Our ambivalence, personal and collective, in the face of the global climate emergency is off the charts. It is surely a major cause of our general unease. The source of this ambivalence is a world culturally embedded in the values of consumerism, while we are engulfed by signs all around us that we need to change in order to survive.

 

Those bombs being shipped to Israel, let alone the thousands of nuclear weapons deployed by the most powerful countries, are integral parts of a seamless system of expediency based in the value of competition among free markets, both between arms manufacturers and between nations for general market dominance.  Is there an inevitable connection between capitalism and war as Marx asserted? If we demand it and vote for it we might see a far better outcome—the creative force of the free market weaned away from weapons and unleashed upon the global climate project.

 

It is beyond tears to realize that the horrors of Ukraine and Gaza arise from the way humans think, from their stubbornly limited conceptions of self-interest.

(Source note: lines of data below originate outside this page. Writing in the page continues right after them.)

(* Every quilt-affine function $g:\mathbb{N}^d\to\mathbb{N}$ (i.e. quilt-affine with nonnegative values) is obliviously-computable.
   Context: A function $g:\mathbb{N}^d\to\mathbb{Z}$ is quilt-affine if it is nondecreasing (componentwise order) and there exist $p\in\mathbb{N}_+$, $\vec{\nabla}\in\mathbb{Q}^d_{\ge0}$ and $B:\mathbb{Z}^d/p\mathbb{Z}^d\to\mathbb{Q}$ with $g(\vec{x})=\vec{\nabla}\cdot\vec{x}+B(\vec{x}\bmod p)$ for all $\vec{x}$, where $\vec{x}\bmod p$ is the class $\{\vec{x}+p\vec{z}:\vec{z}\in\mathbb{Z}^d\}$. A chemical reaction network (CRN) is a pair $(\mathcal{S},\mathcal{R})$ of a finite set of species and a finite set of reactions $(\vec{R},\vec{P})\in\mathbb{N}^{\mathcal{S}}\times\mathbb{N}^{\mathcal{S}}$. A configuration is $\vec{C}\in\mathbb{N}^{\mathcal{S}}$; a reaction is applicable if $\vec{R}\le\vec{C}$ and yields $\vec{C}-\vec{R}+\vec{P}$; reachability is via finite sequences of applicable reactions. To compute $g:\mathbb{N}^d\to\mathbb{N}$ the CRN has input species $X_1,\ldots,X_d$, output species $Y$, leader species $L$; the initial configuration $\vec{I}_{\vec{x}}$ has $\vec{x}(i)$ copies of $X_i$, one $L$, nothing else. $\vec{C}$ is stable if all configurations reachable from it have the same count of $Y$. The CRN stably computes $g$ if for every $\vec{x}$ and every $\vec{C}$ reachable from $\vec{I}_{\vec{x}}$ some stable $\vec{O}$ reachable from $\vec{C}$ has $\vec{O}(Y)=g(\vec{x})$. The CRN is output-oblivious if $Y$ is never a reactant; a function is obliviously-computable if stably computed by an output-oblivious CRN. *)

From HB Require Import structures.
From mathcomp Require Import all_boot all_order all_algebra.
Set Implicit Arguments. Unset Strict Implicit. Unset Printing Implicit Defensive.
Import Order.TTheory GRing.Theory Num.Theory.

Definition vle (d : nat) (x y : 'I_d -> nat) : Prop := forall i, x i <= y i.

(* g : N^d -> N is quilt-affine (viewed as a function into Z):
   nondecreasing, and g x = nabla . x + B (x mod p) with p > 0,
   nabla in Q^d_{>=0}; the class x mod p is represented by its vector of
   residues (x i %% p)_i, so B is any function of that residue vector. *)
Definition quilt_affine (d : nat) (g : ('I_d -> nat) -> nat) : Prop :=
  (forall x y, vle x y -> g x <= g y) /\
  exists (p : nat) (nabla : 'I_d -> rat) (B : ('I_d -> nat) -> rat),
    (0 < p)%N /\ (forall i, 0 <= nabla i)%R /\
    forall x, ((g x)%:R = \sum_(i < d) nabla i * (x i)%:R
                         + B (fun i => modn (x i) p))%R.

Definition config (S : finType) := {ffun S -> nat}.
Definition reaction (S : finType) := (config S * config S)%type.

Definition applicable (S : finType) (r : reaction S) (c : config S) : Prop :=
  forall s, r.1 s <= c s.

Definition step (S : finType) (rs : seq (reaction S)) (c c' : config S) : Prop :=
  exists2 r, r \in rs &
    applicable r c /\ c' = [ffun s => c s - r.1 s + r.2 s].

Inductive reachable (S : finType) (rs : seq (reaction S)) :
    config S -> config S -> Prop :=
  | reach_refl c : reachable rs c c
  | reach_step c c' c'' : step rs c c' -> reachable rs c' c'' ->
      reachable rs c c''.

Definition stable (S : finType) (rs : seq (reaction S)) (Y : S) (c : config S) :=
  forall c', reachable rs c c' -> c' Y = c Y.

Definition init_config (S : finType) (d : nat) (X : 'I_d -> S) (L : S)
    (x : 'I_d -> nat) : config S :=
  [ffun s => (\sum_(i < d | X i == s) x i) + (s == L)].

Definition stably_computes (S : finType) (rs : seq (reaction S)) (d : nat)
    (X : 'I_d -> S) (Y L : S) (g : ('I_d -> nat) -> nat) : Prop :=
  forall x c, reachable rs (init_config X L x) c ->
    exists o, [/\ reachable rs c o, stable rs Y o & o Y = g x].

Definition output_oblivious (S : finType) (rs : seq (reaction S)) (Y : S) :=
  forall r, r \in rs -> r.1 Y = 0.

Definition obliviously_computable (d : nat) (g : ('I_d -> nat) -> nat) : Prop :=
  exists (S : finType) (rs : seq (reaction S)) (X : 'I_d -> S) (Y L : S),
    [/\ injective X, (forall i, X i != Y), (forall i, X i != L) & Y != L] /\
    output_oblivious rs Y /\ stably_computes rs X Y L g.

From HB Require Import structures.
From mathcomp Require Import all_boot all_order all_algebra.
From mathcomp Require Import ring.
From Stdlib Require Import FunctionalExtensionality.
Set Implicit Arguments. Unset Strict Implicit. Unset Printing Implicit Defensive.
Import Order.TTheory GRing.Theory Num.Theory.

(* The network keeps a single "state" molecule recording the residues mod p of
   the input consumed so far.  Consuming one X_i in state r emits
   g (r + e_i) - g r copies of Y; for a quilt-affine g this equals
   g (y + e_i) - g y for every y congruent to r, since the linear part
   contributes the constant nabla_i and B only sees residues.  Hence after
   consuming y the network holds exactly g y copies of Y, never consumes Y,
   and halts once the whole input x is consumed, holding g x copies of Y. *)

Section Reachability.
Variables (S : finType) (rs : seq (reaction S)).

Definition fire (r : reaction S) (c : config S) : config S :=
  [ffun s => c s - r.1 s + r.2 s].

Lemma step_fire r c : r \in rs -> applicable r c -> step rs c (fire r c).
Proof. by move=> r_rs r_app; exists r. Qed.

Lemma reachable_invariant (P : config S -> Prop) c c' :
  (forall c1 c2, P c1 -> step rs c1 c2 -> P c2) ->
  reachable rs c c' -> P c -> P c'.
Proof. by move=> P_step; elim=> // c1 c2 c3 c12 _ IH /P_step/(_ c12). Qed.

Lemma stable_terminal (Y : S) c : (forall c', ~ step rs c c') -> stable rs Y c.
Proof.
by move=> terminal c' cc'; case: cc' terminal => // c0 c1 c2 c01 _ /(_ c1 c01).
Qed.

End Reachability.

Definition succ_at d (y : 'I_d -> nat) (i : 'I_d) : 'I_d -> nat :=
  fun j => y j + (j == i).

Lemma vle_succ_at d (x y : 'I_d -> nat) i :
  vle y x -> y i < x i -> vle (succ_at y i) x.
Proof.
by move=> le_yx lt_yx j; rewrite /succ_at; case: eqP => [->|]; rewrite ?addn1 ?addn0.
Qed.

Lemma gap_succ_at d (x y : 'I_d -> nat) i : y i < x i ->
  \sum_j (x j - y j) = (\sum_j (x j - succ_at y i j)).+1.
Proof.
move=> lt_yx; rewrite (bigD1 i) //= [X in _ = X.+1](bigD1 i) //= /succ_at eqxx addn1.
rewrite [X in _ = (_ + X).+1](eq_bigr (fun j => x j - y j)) => [|j /negbTE ->].
  by rewrite -addSn subnSK.
by rewrite addn0.
Qed.

Definition increments_periodic d m (g : ('I_d -> nat) -> nat) :=
  forall y z i, (forall j, y j = z j %[mod m]) ->
    g (succ_at y i) - g y = g (succ_at z i) - g z.

Lemma affine_increments_periodic (R : numDomainType) d (g : ('I_d -> nat) -> nat)
    (p : nat) (nabla : 'I_d -> R) (B : ('I_d -> nat) -> R) :
  (forall y i, g y <= g (succ_at y i)) ->
  (forall x, ((g x)%:R = \sum_i nabla i * (x i)%:R + B (fun i => (x i %% p)%N))%R) ->
  increments_periodic p g.
Proof.
move=> g_succ g_affine.
have incrE y i : ((g (succ_at y i) - g y)%:R
    = nabla i + B (fun j => (succ_at y i j %% p)%N) - B (fun j => (y j %% p)%N) :> R)%R.
  rewrite natrB // !g_affine /succ_at.
  under eq_bigr do rewrite natrD mulrDr.
  rewrite big_split /=.
  have -> : (\sum_j nabla j * (j == i)%:R = nabla i)%R.
    rewrite (bigD1 i) //= eqxx mulr1 big1 ?addr0 // => j /negbTE ->.
    by rewrite mulr0.
  by ring.
move=> y z i yz; apply/eqP; rewrite -(eqr_nat R) !incrE.
have -> : (fun j => y j %% p) = (fun j => z j %% p).
  exact: functional_extensionality.
have -> // : (fun j => succ_at y i j %% p) = (fun j => succ_at z i j %% p).
by apply: functional_extensionality => j; rewrite /succ_at -modnDml yz modnDml.
Qed.

Inductive species (d m : nat) :=
  | Output | Leader | Input of 'I_d | State of {ffun 'I_d -> 'I_m}.
Arguments Output {d m}. Arguments Leader {d m}.
Arguments Input {d m}. Arguments State {d m}.

Definition species_code d m (s : species d m) : bool + 'I_d + {ffun 'I_d -> 'I_m} :=
  match s with
  | Output => inl (inl true) | Leader => inl (inl false)
  | Input i => inl (inr i) | State r => inr r
  end.

Definition species_decode d m (c : bool + 'I_d + {ffun 'I_d -> 'I_m}) : species d m :=
  match c with
  | inl (inl true) => Output | inl (inl false) => Leader
  | inl (inr i) => Input i | inr r => State r
  end.

Lemma species_codeK d m : cancel (@species_code d m) (@species_decode d m).
Proof. by case. Qed.

HB.instance Definition _ d m :=
  Finite.copy (species d m) (can_type (@species_codeK d m)).

Lemma Input_inj {d m} : injective (@Input d m).
Proof. by move=> i j []. Qed.

Lemma State_inj {d m} : injective (@State d m).
Proof. by move=> r r' []. Qed.

Section ResidueCRN.
Variables (d p : nat) (g : ('I_d -> nat) -> nat).
Hypothesis g_succ : forall y i, g y <= g (succ_at y i).
Hypothesis g_periodic : increments_periodic p.+1 g.

Local Notation species := (species d p.+1).
Local Notation residues := {ffun 'I_d -> 'I_p.+1}.
Local Notation origin := (fun _ : 'I_d => 0).
Local Notation init := (init_config (@Input d p.+1) Leader).

Definition residue (y : 'I_d -> nat) : residues := [ffun j => inZp (y j)].

Definition representative (r : residues) : 'I_d -> nat := fun j => r j.

Lemma representative_residue y j : representative (residue y) j = y j %[mod p.+1].
Proof. by rewrite /representative ffunE modn_mod. Qed.

Lemma residue_succ_at y i :
  residue (succ_at (representative (residue y)) i) = residue (succ_at y i).
Proof.
apply/ffunP => j; apply/val_inj.
by rewrite !ffunE /= /succ_at /representative ffunE /= modnDml.
Qed.

Definition start_reaction : reaction species :=
  ([ffun s => (s == Leader : nat)],
   [ffun s => (s == State (residue origin)) + (s == Output) * g origin]).

Definition advance_reaction (r : residues) (i : 'I_d) : reaction species :=
  let y := representative r in
  ([ffun s => (s == State r) + (s == Input i)],
   [ffun s => (s == State (residue (succ_at y i)))
              + (s == Output) * (g (succ_at y i) - g y)]).

Definition crn : seq (reaction species) :=
  start_reaction :: [seq advance_reaction ri.1 ri.2 | ri <- enum {: residues * 'I_d}].

Lemma crn_cases r : r \in crn ->
  r = start_reaction \/ exists r' i, r = advance_reaction r' i.
Proof.
rewrite inE => /predU1P[-> | /mapP[[r' i] _ ->]]; first by left.
by right; exists r', i.
Qed.

Lemma advance_in_crn r i : advance_reaction r i \in crn.
Proof. by rewrite inE; apply/predU1P; right; apply/mapP; exists (r, i); rewrite ?mem_enum. Qed.

Lemma crn_output_oblivious : output_oblivious crn Output.
Proof. by move=> r /crn_cases[-> | [r' [i ->]]]; rewrite ffunE. Qed.

Definition config_at (x y : 'I_d -> nat) : config species :=
  [ffun s => match s with
   | Output => g y
   | Leader => 0
   | Input i => x i - y i
   | State r => r == residue y
   end].

Lemma initE x (s : species) :
  init x s = match s with Leader => 1 | Input i => x i | _ => 0 end.
Proof.
rewrite ffunE; case: s => [| |j|r] /=; try by rewrite big_pred0.
by rewrite (eq_bigl (pred1 j)) => [|i]; rewrite ?big_pred1_eq ?addn0 ?(inj_eq Input_inj).
Qed.

Lemma fire_start x : fire start_reaction (init x) = config_at x origin.
Proof.
apply/ffunP => s; rewrite ffunE initE !ffunE.
by case: s => [| |j|r] /=; rewrite ?subnn ?subn0 ?addn0 ?mul1n ?mul0n.
Qed.

Lemma step_start x : step crn (init x) (config_at x origin).
Proof.
rewrite -fire_start; apply: step_fire; first exact: mem_head.
by move=> s; rewrite initE ffunE; case: s.
Qed.

Lemma step_from_init x c : step crn (init x) c -> c = config_at x origin.
Proof.
case=> r /crn_cases[-> [_ ->] | [r' [i ->]] [r_app _]]; first exact: fire_start.
by have := r_app (State r'); rewrite initE ffunE /= eqxx.
Qed.

Lemma applicable_advance r i x y :
  applicable (advance_reaction r i) (config_at x y) <-> r = residue y /\ y i < x i.
Proof.
split=> [r_app | [-> lt_yx] s].
  have := r_app (State r); have := r_app (Input i); rewrite !ffunE /= !eqxx.
  by rewrite subn_gt0; case: eqP.
rewrite !ffunE; case: s => [| |j|r'] //=.
  by rewrite (inj_eq Input_inj); case: eqP => [->|]; rewrite ?subn_gt0.
by rewrite (inj_eq State_inj) addn0.
Qed.

Lemma fire_advance x y i : y i < x i ->
  fire (advance_reaction (residue y) i) (config_at x y) = config_at x (succ_at y i).
Proof.
move=> lt_yx; apply/ffunP => s; rewrite !ffunE residue_succ_at.
case: s => [| |j|r] /=.
- rewrite (g_periodic i (representative_residue y)) subn0 mul1n add0n.
  by rewrite subnKC ?g_succ.
- by [].
- by rewrite (inj_eq Input_inj) /succ_at add0n mul0n !addn0 subnDA eq_sym.
- by rewrite !(inj_eq State_inj) !addn0 subnn.
Qed.

Lemma step_advance x y i : y i < x i ->
  step crn (config_at x y) (config_at x (succ_at y i)).
Proof.
move=> lt_yx; rewrite -fire_advance //.
by apply: step_fire; [exact: advance_in_crn | apply/applicable_advance].
Qed.

Lemma step_from_config x y c : step crn (config_at x y) c ->
  exists2 i, y i < x i & c = config_at x (succ_at y i).
Proof.
case=> r /crn_cases[-> [r_app _] | [r' [i ->]] [/applicable_advance[-> lt_yx] ->]].
  by have := r_app Leader; rewrite !ffunE.
by exists i; last exact: fire_advance.
Qed.

Lemma reachable_config_full x y : vle y x ->
  reachable crn (config_at x y) (config_at x x).
Proof.
have [n] : exists n, \sum_i (x i - y i) = n by eexists.
elim: n y => [|n IH] y gap le_yx.
  suff -> : y = x by exact: reach_refl.
  apply: functional_extensionality => i; apply/eqP; rewrite eqn_leq le_yx /=.
  by rewrite -subn_eq0; move/eqP: gap; rewrite sum_nat_eq0 => /forallP/(_ i).
have [i lt_yx | ge_yx] := pickP (fun i => y i < x i); last first.
  by move: gap; rewrite big1 // => i _; apply/eqP; rewrite subn_eq0 leqNgt ge_yx.
apply: reach_step (step_advance lt_yx) (IH _ _ (vle_succ_at le_yx lt_yx)).
by move: gap; rewrite (gap_succ_at lt_yx) => -[].
Qed.

Lemma stable_config_full x : stable crn Output (config_at x x).
Proof. by apply: stable_terminal => c /step_from_config[i]; rewrite ltnn. Qed.

Definition consuming x c := c = init x \/ exists2 y, vle y x & c = config_at x y.

Lemma consuming_step x c c' : consuming x c -> step crn c c' -> consuming x c'.
Proof.
case=> [-> /step_from_init -> | [y le_yx ->] /step_from_config[i lt_yx ->]].
  by right; exists origin.
by right; exists (succ_at y i); first exact: vle_succ_at.
Qed.

Lemma crn_stably_computes : stably_computes crn Input Output Leader g.
Proof.
move=> x c reach_c; exists (config_at x x); split; last by rewrite ffunE.
- have [-> | [y le_yx ->]] :=
    reachable_invariant (@consuming_step x) reach_c (or_introl erefl).
    exact: reach_step (step_start x) (reachable_config_full _).
  exact: reachable_config_full.
- exact: stable_config_full.
Qed.

End ResidueCRN.

Theorem lemma14 (d : nat) (g : ('I_d -> nat) -> nat) :
  quilt_affine g -> obliviously_computable g.
Proof.
move=> [g_mono [p [nabla [B [p_gt0 [_ g_affine]]]]]].
have g_succ y i : g y <= g (succ_at y i) by apply: g_mono => j; exact: leq_addr.
have := affine_increments_periodic g_succ g_affine.
case: p p_gt0 {g_affine} => // p _ g_periodic.
exists (species d p.+1), (crn p g), Input, Output, Leader.
split; first by split=> // i j [].
split; first exact: crn_output_oblivious.
exact: crn_stably_computes.
Qed.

Mr. Putin carries on with bombing childrens’ hospitals in the name of a 17th century conception of his nation. Mr. Netanyahu remains in denial that no one in his region can be secure until all are. Xi Jinping makes the assumption that China will benefit from a military takeover of Taiwan that could risk nuclear confrontation. The Republican Party carries on with obsolete America First tropes. The reality of interdependence is swept under the rug. The real war, the relevant and urgent war to stabilize the climate, and the level of cooperation needed to win it, remains insufficiently addressed. Putin doesn’t seem to have a clue that his people are going to suffer far more than the Ukrainians from rapidly approaching climate effects.

 

Interdependence is about making connections on the basis of shared goals, climate above all. We’re still mired deeply in a competitive paradigm that is misaligned with the truth that everything I do or don’t do affects you and vice versa.  Wars are not going to solve this conundrum. What will begin to solve it is applying the perennial Golden Rule found in different forms in all the world’s major religions, expanded to every area of life. I like the succinct Jewish version: “What is hateful to yourself, do not do to others.”

 

It would be nice to have the opportunity to vote for leaders who understand the reality of interdependence that is forcing itself upon our consciousness, and to see responsive institutional changes both in our own government and in international bodies like the U.N.

 

In the U.S., it seems clear that whatever happens to the Biden re-election bid, Democrats may be more open to seeing the global implications of interdependence than the present Republican party. Those who see clearly have a special responsibility to reach out in a spirit of creative good will to political adversaries, be they foreign or domestic, to help make a world where good people like Joe Biden don’t have to make false distinctions between the violence of assassination at home and the violence of “foreign” wars.